Treat every incident as a small ticket. The workflow is deliberately short:

  1. Open the incident and read the timeline.
  2. Decide: real finding or false positive. Click Confirm or Dismiss as false positive. Dismissals feed the detector tuning queue we review weekly.
  3. If it is real and needs follow-up, assign it to a team member from the Assignee dropdown. Assignees are notified by email and (if configured) by Slack DM.
  4. Move it through statuses: Open → In Review → Resolved. Status changes are written to the audit log with actor, timestamp, and reason.

We recommend a daily 15-minute pass on Critical and High, and a weekly sweep on Medium. Low rarely needs human review unless a pattern shows up in reports.

Build a custom detector from an incident

The most valuable thing you can do in this dashboard is convert a recurring real finding into a detector. The classic case: you keep seeing your own internal customer IDs (something like CUS-12345) leak into ChatGPT prompts. A generic detector will not catch that — but you can build one in under a minute.

  1. Open an incident that contains the recurring identifier.
  2. In the right-hand panel, click Create detector from this finding.
  3. Zeuslock proposes a regex (e.g. \bCUS-\d{5}\b), a suggested severity, and a suggested action.
  4. Edit the regex if needed, set a finding type name (e.g. internal_customer_id), and pick the action: Monitor, Anonymize, or Block.
  5. Click Backtest against last 30 days. Zeuslock re-runs the candidate regex against the last 30 days of incidents (and a sampled slice of clean prompts) and tells you how many extra alerts it would have produced and on which users.
  6. If the noise level is acceptable, click Activate. The detector ships to every browser extension and desktop agent on the next policy heartbeat (under 60 seconds).

Always start a new custom detector in Monitor mode for one week. The backtest is good at catching obvious false positives, but real traffic is the only honest test.

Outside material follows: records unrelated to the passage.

Lemma posdef_eigenvalue_gt0 (R : realType) n (B : 'M[R]_n) (a : R) :
  posdef B -> eigenvalue B a -> 0 < a.
Proof.
move=> Bpd /eigenvalueP [u Bu u0].
have uT0 : u^T != 0.
  by apply: contra u0 => /eqP/(congr1 trmx); rewrite trmxK trmx0 => ->.
have := Bpd _ uT0; rewrite trmxK Bu -scalemxAl mxE.
have uu0 : 0 <= (u *m u^T) 0 0.
  by rewrite mxE sumr_ge0 // => j _; rewrite mxE -expr2 sqr_ge0.
by apply: contraTT; rewrite -!leNgt => a0; rewrite mulr_le0_ge0.
Qed.

Section RealIntegrals.
Context d (T : measurableType d) (R : realType).

Lemma Rintegral_gt0 (mu : {finite_measure set T -> \bar R}) (f : T -> R)
    (S : set T) (k : R) :
  measurable S -> mu.-integrable setT (EFin \o f) -> (forall z, 0 <= f z) ->
  0 < k -> (forall z, S z -> k <= f z) -> (0 < mu S)%E ->
  0 < \int[mu]_z f z.
Proof.
move=> mS fi f0 k0 fk muS.
have kS_le z : k * \1_S z <= f z.
  by rewrite indicE; case: (boolP (z \in S)) => [/set_mem/fk|]; rewrite ?mulr1 ?mulr0.
have kS_int : mu.-integrable setT (EFin \o (fun z => k * \1_S z)).
  rewrite (_ : _ \o _ = fun z => k%:E * (EFin \o \1_S) z)%E.
    exact/integrableZl/integrable_indic.
  by apply/funext => z /=; rewrite EFinM.
apply: lt_le_trans (le_Rintegral measurableT kS_int fi (fun z _ => kS_le z)).
rewrite RintegralZl ?integrable_indic // /Rintegral integral_indic // setIT.
rewrite mulr_gt0 // fine_gt0 // muS /=.
by rewrite ltey_eq fin_num_measure.
Qed.

Variable mu : {measure set T -> \bar R}.

Lemma integrable_Rsum (I : Type) (s : seq I) (f : I -> T -> R) :
  (forall i, mu.-integrable setT (EFin \o f i)) ->
  mu.-integrable setT (EFin \o (fun z => \sum_(i <- s) f i z)).
Proof.
move=> fi; rewrite (_ : _ \o _ = fun z => \sum_(i <- s) (f i z)%:E).
  by apply: integrable_sum => // i _; exact: fi.
by apply/funext => z /=; rewrite sumEFin.
Qed.

Lemma Rintegral_sum (I : Type) (s : seq I) (f : I -> T -> R) :
  (forall i, mu.-integrable setT (EFin \o f i)) ->
  \int[mu]_z (\sum_(i <- s) f i z) = \sum_(i <- s) \int[mu]_z f i z.
Proof.
move=> fi; elim: s => [|i s IH].
  by under eq_fun do rewrite big_nil; rewrite big_nil Rintegral_cst // mul0r.
under eq_fun do rewrite big_cons.
by rewrite big_cons RintegralD ?IH ?integrable_Rsum.
Qed.

End RealIntegrals.

Section Bstar0Posdef.
Import measurable_realfun.
Variables (R : realType) (d M : nat) (sigma : R -> R) (x : 'I_M -> 'I_d -> R).
Variable mu0 : probability (R * (d.-tuple R * R))%type R.
Variables (Cs Ls Cd Ld Cx Kb : R) (K : set R).
Hypothesis sigma_bdd : forall t, `|sigma t| <= Cs.
Hypothesis sigma_lip : forall s t, `|sigma s - sigma t| <= Ls * `|s - t|.
Hypothesis dsigma_bdd : forall t, `|derive1 sigma t| <= Cd.
Hypothesis dsigma_lip :
  forall s t, `|derive1 sigma s - derive1 sigma t| <= Ld * `|s - t|.
Hypothesis x_bdd : forall m i, `|x m i| <= Cx.
Hypothesis mK : measurable K.
Hypothesis K_full : mu0 (K `*` setT) = 1%E.
Hypothesis K_bdd : forall c, K c -> `|c| <= Kb.

Local Notation T := (R * (d.-tuple R * R))%type.

Definition ridge_arg m (p : d.-tuple R * R) := dotp (tup p.1) (x m) + p.2.

Definition Bintegrand m n (z : T) :=
  sigma (ridge_arg m z.2) * sigma (ridge_arg n z.2) +
  z.1 ^+ 2 * derive1 sigma (ridge_arg m z.2) * derive1 sigma (ridge_arg n z.2)
    * (dotp (x m) (x n) + 1).

Definition Bquad (v : 'cV[R]_M) (z : T) :=
  \sum_(n < M) \sum_(m < M) v m 0 * v n 0 * Bintegrand m n z.

Definition ridge_sum (v : 'cV[R]_M) (p : d.-tuple R * R) :=
  \sum_(m < M) v m 0 * sigma (ridge_arg m p).

Lemma measurable_ridge_arg m : measurable_fun setT (ridge_arg m).
Proof.
apply: measurable_funD => //; apply: measurable_sum => i.
apply: measurable_funM => //.
exact: measurableT_comp (measurable_tnth i) measurable_fst.
Qed.

Lemma measurable_Bintegrand m n : measurable_fun setT (Bintegrand m n).
Proof.
have mlip (f : R -> R) L : (forall s t, `|f s - f t| <= L * `|s - t|) ->
    forall j, measurable_fun setT (fun z : T => f (ridge_arg j z.2)).
  move=> fL j; apply: measurableT_comp.
    exact: continuous_measurable_fun (lipschitz_continuous fL).
  exact: measurableT_comp (measurable_ridge_arg j) measurable_snd.
apply: measurable_funD.
  by apply: measurable_funM; exact: mlip sigma_lip _.
apply: measurable_funM => //.
do 2![apply: measurable_funM; last exact: mlip dsigma_lip _].
exact: measurableT_comp (exprn_measurable 2) measurable_fst.
Qed.

Lemma Bintegrand_bound m n z : K z.1 ->
  `|Bintegrand m n z| <= Cs * Cs + Kb ^+ 2 * Cd * Cd * `|dotp (x m) (x n) + 1|.
Proof.
move=> Kz; have Cs0 : 0 <= Cs := le_trans (normr_ge0 _) (sigma_bdd 0).
have Cd0 : 0 <= Cd := le_trans (normr_ge0 _) (dsigma_bdd 0).
have Kb0 : 0 <= Kb := le_trans (normr_ge0 _) (K_bdd Kz).
apply: le_trans (ler_normD _ _) _; rewrite !normrM expr2.
by rewrite lerD ?ler_pM ?mulr_ge0 ?K_bdd.
Qed.
Section EqualizerIdeal.
Variables (k : fieldType) (O H : algType k).
Variables (DO : O -> seq (O * O)) (eO : O -> k) (SO : O -> O).
Variables (D : H -> seq (H * H)) (e : H -> k) (S : H -> H).
Hypotheses (hO : is_hopf DO eO SO) (hH : is_hopf D e S).
Variables (f1 f2 : O -> H).
Hypotheses (hf1 : hopf_hom DO eO D e f1) (hf2 : hopf_hom DO eO D e f2).

Lemma hopf_hom_sub_coproduct x :
  tens_eq (D (f1 x - f2 x))
    ([seq (f1 p.1 - f2 p.1, f1 p.2) | p <- DO x] ++
     [seq (f2 p.1, f1 p.2 - f2 p.2) | p <- DO x]).
Proof.
move=> W F bil_F; have D_linear := hopf_coproduct_linear hH.
rewrite (linB (coproduct_sum_linear D_linear (F := fun p => F p.1 p.2) bil_F)) /=.
rewrite (tens_eqP (hopf_hom_coproduct hf1 x)) /=; last by linearity.
rewrite (tens_eqP (hopf_hom_coproduct hf2 x)) /=; last by linearity.
rewrite big_cat !big_map /=.
under [X in _ = X + _]eq_bigr do rewrite (linB (bilinear_l bil_F _)).
under [X in _ = _ + X]eq_bigr do rewrite (linB (bilinear_r bil_F _)).
by rewrite !sumrB addrA subrK.
Qed.

Lemma equalizer_hopf_ideal : hopf_ideal D e S (ideal_gen (fun x => f1 x - f2 x)).
Proof.
apply: (ideal_gen_hopf_ideal hH) => [x | x | x].
- eexists; split; first exact: hopf_hom_sub_coproduct.
  move=> p; rewrite mem_cat => /orP [] /mapP [q _ ->] /=.
  + by left; apply: (ideal_gen_generator (fun x => f1 x - f2 x)).
  + by right; apply: (ideal_gen_generator (fun x => f1 x - f2 x)).
- rewrite (scalarB (hopf_counit_scalar hH)).
  by rewrite (hopf_hom_counit hf1) (hopf_hom_counit hf2) subrr.
rewrite (linB (hopf_antipode_linear hH)) !(hopf_hom_antipode hO hH) //.
exact: (ideal_gen_generator (fun x => f1 x - f2 x)).
Qed.
End EqualizerIdeal.

Theorem proposition1p1p2
  (k : fieldType)
  (* the Hopf algebra U *)
  (U : algType k) (DU : U -> seq (U * U)) (eU : U -> k) (SU : U -> U)
  (hU : is_hopf DU eU SU)
  (* the central Hopf subalgebra O, given with its inclusion iota : O -> U *)
  (O : comAlgType k) (DO : O -> seq (O * O)) (eO : O -> k) (SO : O -> O)
  (hO : is_hopf DO eO SO)
  (iota : O -> U) (hiota : hopf_hom DO eO DU eU iota)
  (iota_inj : injective iota)
  (iota_central : forall (x : O) (u : U), iota x * u = u * iota x)
  (* a k-point chi of Spec O *)
  (chi : O -> k) (hchi : kpoint chi)
  (* R = functions on the closed subgroup scheme generated by chi,
     pi : O -> R the restriction map *)
  (R : comAlgType k) (DR : R -> seq (R * R)) (eR : R -> k) (SR : R -> R)
  (hR : is_hopf DR eR SR)
  (pi : O -> R) (hpi : hopf_hom DO eO DR eR pi)
  (pi_surj : forall r : R, exists x : O, pi x = r)
  (pi_ker : gen_subgroup_ideal DO eO SO chi (fun x => pi x = 0))
  (* T = U (x)_k R with its tensor-product Hopf algebra structure *)
  (T : algType k) (rho : U -> R -> T) (hT : is_tensor_algebra rho)
  (DT : T -> seq (T * T)) (eT : T -> k) (ST : T -> T)
  (hDT : tensor_hopf_structure rho DU eU SU DR eR SR DT eT ST) :
  is_hopf DT eT ST /\
  hopf_ideal DT eT ST
    (fun t : T => exists l : seq (T * O * T),
       t = \sum_(z <- l) z.1.1 * (rho (iota z.1.2) 1 - rho 1 (pi z.1.2)) * z.2).
Proof.
have hTH := tensor_is_hopf hU hR hT hDT.
have hl := hopf_hom_comp (tensor_hopf_hom_l hR hT hDT) hiota.
have hr := hopf_hom_comp (tensor_hopf_hom_r hU hT hDT) hpi.
split; [exact: hTH | exact: (equalizer_hopf_ideal hO hTH hl hr)].
Qed.
(* X is the intersection of the edges of N(H) containing it. *)
Lemma Nseparated_convex S X :
  host_tree (Nhyp H) S -> Nseparated X -> convex S X.
Proof.
move=> hostS sepX a b p q Sab pX qX pS qS; apply: contraT => aX.
have [y [[G GH]]] := sepX a aX; rewrite subUset sub1set => /andP [yG XG] noF.
have XN : X \subset Nedge y.
  by apply/subsetP => z zX; apply/NedgeP; exists G; rewrite // yG (subsetP XG).
have /negP[] : a \notin Nedge y.
  by apply/NedgeP => -[F FH /andP [yF aF]]; move: (noF F FH); rewrite subUset !sub1set aF yF.
exact: (Nhost_convex_Nedge (y := y) hostS Sab (subsetP XN p pX) (subsetP XN q qX) pS qS).
Qed.

Lemma subset_IH X : X \subset IH H X.
Proof. by apply/bigcapsP => F /andP []. Qed.

Lemma IH_subset X F : F \in H -> X \subset F -> IH H X \subset F.
Proof. by move=> FH XF; apply: bigcap_inf; rewrite FH XF. Qed.

Lemma notin_IH X x : x \notin IH H X -> exists2 F, F \in H & (X \subset F) && (x \notin F).
Proof.
move=> xI; apply/exists_inP; apply: contraR xI => /exists_inPn noF.
by apply/bigcapP => F /andP [FH XF]; move: (noF F FH); rewrite XF negbK.
Qed.

Lemma obtainable_IH X : X != set0 -> IH H X \proper [set: V] -> obtainable H (IH H X).
Proof.
case/set0Pn=> z zX; rewrite properT; suff [-> | [] //] :
    IH H X = [set: V] \/ obtainable H (IH H X) /\ z \in IH H X by rewrite eqxx.
apply: (big_ind (fun Y => Y = [set: V] \/ obtainable H Y /\ z \in Y)); first by left.
- move=> A B [-> | [oA zA]] [-> | [oB zB]]; rewrite ?setTI ?setIT; try by [left | right].
  right; split; last by rewrite inE zA zB.
  by apply: obt_int => //; apply/set0Pn; exists z; rewrite inE zA zB.
- by move=> F /andP [FH XF]; right; split; [apply: obt_edge | apply: (subsetP XF)].
Qed.

Lemma mem_IH2l u v : u \in IH H [set u; v].
Proof. exact: subsetP (subset_IH _) u (set21 u v). Qed.

Lemma mem_IH2r u v : v \in IH H [set u; v].
Proof. exact: subsetP (subset_IH _) v (set22 u v). Qed.

Definition IH_closed T X :=
  forall u v, T u v -> u \in X -> v \in X -> IH H [set u; v] \subset X.

Lemma IH_closed_edge T F : F \in H -> IH_closed T F.
Proof. by move=> FH u v _ uF vF; apply: IH_subset; rewrite // subUset !sub1set uF vF. Qed.

Definition edge_closures T X : {set {set V}} :=
  [set IH H [set u; v] | u in X, v in [set v in X | T u v]] :|: [set [set z] | z in X].

Lemma edge_closuresP T X A : A \in edge_closures T X ->
  (exists u v, [/\ T u v, u \in X, v \in X & A = IH H [set u; v]]) \/
  (exists2 z, z \in X & A = [set z]).
Proof.
case/setUP => [/imset2P [u v uX] | /imsetP [z zX ->]]; last by right; exists z.
by rewrite inE => /andP [vX Tuv] ->; left; exists u, v.
Qed.

Lemma set1_edge_closures T X z : z \in X -> [set z] \in edge_closures T X.
Proof. by move=> zX; apply/setUP; right; apply: imset_f. Qed.

Lemma IH_edge_closures T X u v : T u v -> u \in X -> v \in X ->
  IH H [set u; v] \in edge_closures T X.
Proof. by move=> Tuv uX vX; apply/setUP; left; apply: imset2_f; rewrite // inE vX. Qed.

Lemma cover_edge_closures T X : IH_closed T X -> cover (edge_closures T X) = X.
Proof.
move=> closedX; apply/setP => z; apply/bigcupP/idP => [[A] | zX].
- by case/edge_closuresP=> [[u [v [Tuv uX vX ->]]] /(subsetP (closedX u v Tuv uX vX)) |
                             [w wX ->] /set1P ->].
- by exists [set z]; rewrite ?set1_edge_closures ?set11.
Qed.

Lemma edge_closures_connected T X : symmetric T -> induces_connected T X ->
  family_connected (edge_closures T X).
Proof.
move=> Tsym connX A B AP BP.
set R := [rel Y Z | [&& Y \in edge_closures T X, Z \in edge_closures T X & Y :&: Z != set0]].
have Rsym : connect_sym R.
  by apply: sym_connect_sym => Y Z /=; rewrite setIC andbCA.
have R_set1 Y z : Y \in edge_closures T X -> z \in X -> z \in Y -> R Y [set z].
  by move=> YP zX zY; rewrite /= YP set1_edge_closures //=; apply/set0Pn; exists z; rewrite !inE zY /=.
have to_set1 Y : Y \in edge_closures T X -> exists2 z, z \in X & connect R Y [set z].
  move=> YP; case/edge_closuresP: (YP) => [[u [v [Tuv uX vX eY]]] | [z zX eY]].
  - by exists u => //; apply/connect1/R_set1; rewrite // eY mem_IH2l.
  - by exists z; rewrite // eY connect0.
have along z1 z2 : connect (induced T X) z1 z2 -> connect R [set z1] [set z2].
  case/connectP=> s pth ->; elim: s z1 pth => [|c s IHs] z1 /=; first by rewrite connect0.
  case/andP=> /and3P [Tz1c z1X cX] pth; apply: connect_trans (IHs c pth).
  have cP := IH_edge_closures Tz1c z1X cX.
  apply: (connect_trans (y := IH H [set z1; c])).
  - by rewrite Rsym; apply/connect1/R_set1; rewrite ?mem_IH2l.
  - by apply/connect1/R_set1; rewrite ?mem_IH2r.
have [z1 z1X AZ1] := to_set1 A AP; have [z2 z2X BZ2] := to_set1 B BP.
apply: connect_trans AZ1 _; apply: connect_trans (along z1 z2 (connX z1 z2 z1X z2X)) _.
by rewrite Rsym.
Qed.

Tags, evidence, watch lists, SIEM

Tagging incidents

Free-text tags on an incident survive into reports and exports. Use them for things the schema does not capture: vendor-mistake, rgpd-art-32, q2-review. Tags are how you make monthly reviews searchable months later.

Exporting evidence

Two export shapes, picked from the toolbar:

  • Export → CSV on a filtered list — one row per incident, with user, destination, finding types, action, severity, timestamps, tags, assignee. This is what auditors usually want.
  • Export → PDF on a single incident — the timeline, the rule, the redacted prompt, the action, and the audit trail of assignment and status changes. This is the artifact you attach to an internal investigation ticket.

Watch lists

Under Incidents → Watch lists, pin specific users, groups, or destinations. Pinned entities surface at the top of the dashboard, can be wired to email or Slack alerts, and get their own dedicated KPI tile. Typical uses: pin the finance team during quarter-close, pin deepseek.com while you finalise a shadow-AI ruling, pin a contractor for the duration of an engagement.

Sending incidents to your SIEM

Every incident can be pushed to your SIEM in real time. A webhook fires per incident with a JSON payload, signed with HMAC-SHA256 so your collector can verify it actually came from Zeuslock. For payload shape, retry semantics, and signature verification, see Webhooks and SIEM integration. Splunk HEC, Microsoft Sentinel, and Elastic all consume this without custom code.

What good triage looks like

You will know the dashboard is working when three things are true: your queue of Open incidents stays under a day old, your false-positive rate per detector trends down week over week, and the bulk of incidents flow through Anonymize rather than Block. That last point is the goal — your users keep working, and your sensitive data stays where it belongs.